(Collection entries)
━━━━━━━━━━

(* Assume $A_n$ satisfies (C1), the mean field condition $\lim_{n\to\infty}\frac1n\sum_{i,j=1}^nA_n(i,j)^2=0$, and the irregularity condition $$\liminf_{n\to\infty}\frac1n\sum_{i=1}^n\big(\mathcal R_n(i)-\overline{\mathcal R}_n\big)^2>0.$$ Then for every $(\beta,B)\in\Theta$, under $\mathbb P_{n,\beta,B}$ we have $T_n(\mathbf X)=\Theta_p(1)$. Consequently, with probability tending to one the pseudo-likelihood estimator exists and $(\hat\beta_n-\beta)^2+(\hat B_n-B)^2=O_p(1/n)$.
   Context: For each $n$, $A_n$ is a known symmetric $n\times n$ matrix with non-negative entries and zero diagonal. The Ising model is $\mathbb P_{n,\beta,B}(\mathbf X=\mathbf x)=Z_n(\beta,B)^{-1}\exp(\frac{\beta}{2}\mathbf x^\top A_n\mathbf x+B\sum_i x_i)$ on $\{-1,1\}^n$. (C1): there is a constant $\gamma<\infty$ with $\max_{i}\sum_{j}A_n(i,j)\le\gamma$ for all $n$. $\Theta=\{(\beta,B):\beta>0,B\ne0\}$. $\mathcal R_n(i)=\sum_{j=1}^nA_n(i,j)$ (row sums), $\overline{\mathcal R}_n=\frac1n\sum_i\mathcal R_n(i)$. $m_i(\mathbf x)=\sum_jA_n(i,j)x_j$, $\bar m(\mathbf x)=\frac1n\sum_i m_i(\mathbf x)$, $T_n(\mathbf x)=\frac1n\sum_i(m_i(\mathbf x)-\bar m(\mathbf x))^2$. The pseudo-likelihood estimator $(\hat\beta_n,\hat B_n)$ is the unique root in $\mathbb R^2$ of $\sum_i m_i(\mathbf x)(x_i-\tanh(\beta m_i(\mathbf x)+B))=0$, $\sum_i(x_i-\tanh(\beta m_i(\mathbf x)+B))=0$, when it exists. $U_n=O_p(V_n)$ means $U_n/V_n$ is tight; $U_n=\Theta_p(V_n)$ means $U_n=O_p(V_n)$ and $V_n=O_p(U_n)$. *)

From Stdlib Require Import Reals Lra List ClassicalEpsilon.
Open Scope R_scope.

(* A coupling sequence: A n i j is the (i,j) entry of the n x n matrix A_n,
   meaningful for i, j < n (0-based indices). *)
Definition coupling := nat -> nat -> nat -> R.

Definition rsum (n : nat) (f : nat -> R) : R :=
  fold_right (fun i acc => f i + acc) 0 (List.seq 0 n).

(* spin configurations: x : nat -> R, only x 0 .. x (n-1) matter *)
Definition upd (x : nat -> R) (k : nat) (v : R) : nat -> R :=
  fun i => if Nat.eqb i k then v else x i.

(* list of all 2^n configurations in {-1,1}^n (coordinates >= n set to 0) *)
Fixpoint configs (n : nat) : list (nat -> R) :=
  match n with
  | O => (fun _ => 0) :: nil
  | S k => flat_map (fun x => upd x k 1 :: upd x k (-1) :: nil) (configs k)
  end.

Definition lsum {T} (l : list T) (f : T -> R) : R :=
  fold_right (fun t acc => f t + acc) 0 l.

Definition weight (A : coupling) (n : nat) (beta B : R) (x : nat -> R) : R :=
  exp (beta / 2 * rsum n (fun i => rsum n (fun j => A n i j * x i * x j))
       + B * rsum n (fun i => x i)).

Definition Zpart (A : coupling) (n : nat) (beta B : R) : R :=
  lsum (configs n) (weight A n beta B).

Definition ind (P : Prop) : R :=
  if excluded_middle_informative P then 1 else 0.

Definition Prob (A : coupling) (n : nat) (beta B : R) (E : (nat -> R) -> Prop) : R :=
  lsum (configs n) (fun x => ind (E x) * weight A n beta B x) / Zpart A n beta B.

Definition rowsum (A : coupling) (n i : nat) : R := rsum n (fun j => A n i j).
Definition rowsum_mean (A : coupling) (n : nat) : R := rsum n (rowsum A n) / INR n.

Definition mloc (A : coupling) (n i : nat) (x : nat -> R) : R :=
  rsum n (fun j => A n i j * x j).
Definition mbar (A : coupling) (n : nat) (x : nat -> R) : R :=
  rsum n (fun i => mloc A n i x) / INR n.
Definition Tn (A : coupling) (n : nat) (x : nat -> R) : R :=
  rsum n (fun i => (mloc A n i x - mbar A n x) ^ 2) / INR n.

Definition PL_root (A : coupling) (n : nat) (x : nat -> R) (b c : R) : Prop :=
  rsum n (fun i => mloc A n i x * (x i - tanh (b * mloc A n i x + c))) = 0 /\
  rsum n (fun i => x i - tanh (b * mloc A n i x + c)) = 0.

Definition is_PLE (A : coupling) (n : nat) (x : nat -> R) (b c : R) : Prop :=
  PL_root A n x b c /\ forall b' c', PL_root A n x b' c' -> b' = b /\ c' = c.

Definition PLE_exists (A : coupling) (n : nat) (x : nat -> R) : Prop :=
  exists b c, is_PLE A n x b c.

Definition valid_coupling (A : coupling) : Prop :=
  forall n i j, (i < n)%nat -> (j < n)%nat ->
    A n i j = A n j i /\ 0 <= A n i j /\ A n i i = 0.

Definition cond_C1 (A : coupling) : Prop :=
  exists gamma : R, forall n i, (i < n)%nat -> rowsum A n i <= gamma.

Definition mean_field (A : coupling) : Prop :=
  Un_cv (fun n => rsum n (fun i => rsum n (fun j => (A n i j) ^ 2)) / INR n) 0.

Definition irregular (A : coupling) : Prop :=
  exists c, 0 < c /\ exists N, forall n, (N <= n)%nat ->
    c <= rsum n (fun i => (rowsum A n i - rowsum_mean A n) ^ 2) / INR n.

(* Given the other spins, [x j] has conditional mean [tanh (beta * m_j + B)].
   Pairing configurations that differ in one spin turns this into second
   moment bounds: the centred fields [S_i = sum_j A_ij (x_j - tanh (beta m_j + B))]
   have mean square O((1/n) sum_ij A_ij^2), which tends to 0, and both
   pseudo-likelihood scores at the true parameter have second moment O(n).

   Writing [m_i = tanh (beta mbar + B) R_n(i) + e_i + S_i], where [e_i] is
   controlled by [T_n], a small [T_n] forces either [tanh (beta mbar + B)] to
   be small, impossible when [B <> 0] since then [mbar] is small too, or the
   row sums to be nearly constant, contradicting irregularity.  So [T_n] is
   bounded below with high probability (and above by [gamma^2] always).

   When [T_n >= tau] and both scores are at most [n eps], the score map is
   strongly monotone on a box around [(beta, B)] ([tanh] has slope bounded
   below on compacts, and [T_n] bounds the design from below), which gives a
   unique root within O(eps) by two applications of the intermediate value
   theorem; Chebyshev with [eps] of order [n^(-1/2)] gives the rate. *)

From Pilot Require Import Defs.
From Stdlib Require Import Reals Lra Lia List Psatz ClassicalEpsilon FunctionalExtensionality.
Import Defs.
Open Scope R_scope.

(** * Finite sums *)

Lemma rsum_S n f : rsum (S n) f = rsum n f + f n.
Proof.
  unfold rsum. rewrite seq_S, fold_right_app. simpl.
  generalize (f n). intros a.
  induction (seq 0 n) as [|h t IH]; simpl; [lra|]. rewrite IH. lra.
Qed.

Lemma rsum_ext n f g : (forall i, (i < n)%nat -> f i = g i) -> rsum n f = rsum n g.
Proof.
  induction n; intros H; [reflexivity|]. rewrite !rsum_S, IHn by (intros; apply H; lia).
  rewrite H by lia. reflexivity.
Qed.

Lemma rsum_plus n f g : rsum n (fun i => f i + g i) = rsum n f + rsum n g.
Proof. induction n; [unfold rsum; simpl; lra|]. rewrite !rsum_S, IHn. lra. Qed.

Lemma rsum_minus n f g : rsum n (fun i => f i - g i) = rsum n f - rsum n g.
Proof. induction n; [unfold rsum; simpl; lra|]. rewrite !rsum_S, IHn. lra. Qed.

Lemma rsum_scal_l n c f : rsum n (fun i => c * f i) = c * rsum n f.
Proof. induction n; [unfold rsum; simpl; lra|]. rewrite !rsum_S, IHn. lra. Qed.

Lemma rsum_scal_r n c f : rsum n (fun i => f i * c) = rsum n f * c.
Proof. induction n; [unfold rsum; simpl; lra|]. rewrite !rsum_S, IHn. lra. Qed.

Lemma rsum_const n c : rsum n (fun _ => c) = INR n * c.
Proof. induction n; [unfold rsum; simpl; lra|]. rewrite rsum_S, IHn, S_INR. lra. Qed.

Lemma rsum_le n f g : (forall i, (i < n)%nat -> f i <= g i) -> rsum n f <= rsum n g.
Proof.
  induction n; intros H; [unfold rsum; simpl; lra|]. rewrite !rsum_S.
  assert (rsum n f <= rsum n g) by (apply IHn; intros; apply H; lia).
  specialize (H n ltac:(lia)). lra.
Qed.

Lemma rsum_nonneg n f : (forall i, (i < n)%nat -> 0 <= f i) -> 0 <= rsum n f.
Proof.
  intros H. replace 0 with (rsum n (fun _ => 0)) by (rewrite rsum_const; lra).
  apply rsum_le; auto.
Qed.

Lemma rsum_abs n f : Rabs (rsum n f) <= rsum n (fun i => Rabs (f i)).
Proof.
  induction n; [unfold rsum; simpl; rewrite Rabs_R0; lra|]. rewrite !rsum_S.
  eapply Rle_trans; [apply Rabs_triang|]. lra.
Qed.

Lemma rsum_abs_le n f M : (forall i, (i < n)%nat -> Rabs (f i) <= M) ->
  Rabs (rsum n f) <= INR n * M.
Proof.
  intros H. eapply Rle_trans; [apply rsum_abs|]. rewrite <- rsum_const. apply rsum_le. auto.
Qed.

Lemma rsum_delta n j a : (j < n)%nat ->
  rsum n (fun i => if Nat.eqb i j then a i else 0) = a j.
Proof.
  induction n; intros H; [lia|]. rewrite rsum_S.
  destruct (Nat.eq_dec j n).
  - subst. rewrite Nat.eqb_refl, (rsum_ext n _ (fun _ => 0)), rsum_const; [lra|].
    intros i Hi. destruct (Nat.eqb_spec i n); [lia|auto].
  - rewrite IHn by lia. destruct (Nat.eqb_spec n j); [lia|lra].
Qed.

━━━━━━━━━━

▶ [Exercise] Scan the entries above for the line containing "S_INR. lra. Qed.", and copy it and all lines after it exactly, down to and including the line containing "Lemma rsum_abs_le n".

▶ [Reply to the task]
Proof. induction n; [unfold rsum; simpl; lra|]. rewrite rsum_S, IHn, S_INR. lra. Qed.

Lemma rsum_le n f g : (forall i, (i < n)%nat -> f i <= g i) -> rsum n f <= rsum n g.
Proof.
  induction n; intros H; [unfold rsum; simpl; lra|]. rewrite !rsum_S.
  assert (rsum n f <= rsum n g) by (apply IHn; intros; apply H; lia).
  specialize (H n ltac:(lia)). lra.
Qed.

Lemma rsum_nonneg n f : (forall i, (i < n)%nat -> 0 <= f i) -> 0 <= rsum n f.
Proof.
  intros H. replace 0 with (rsum n (fun _ => 0)) by (rewrite rsum_const; lra).
  apply rsum_le; auto.
Qed.

Lemma rsum_abs n f : Rabs (rsum n f) <= rsum n (fun i => Rabs (f i)).
Proof.
  induction n; [unfold rsum; simpl; rewrite Rabs_R0; lra|]. rewrite !rsum_S.
  eapply Rle_trans; [apply Rabs_triang|]. lra.
Qed.

Lemma rsum_abs_le n f M : (forall i, (i < n)%nat -> Rabs (f i) <= M) ->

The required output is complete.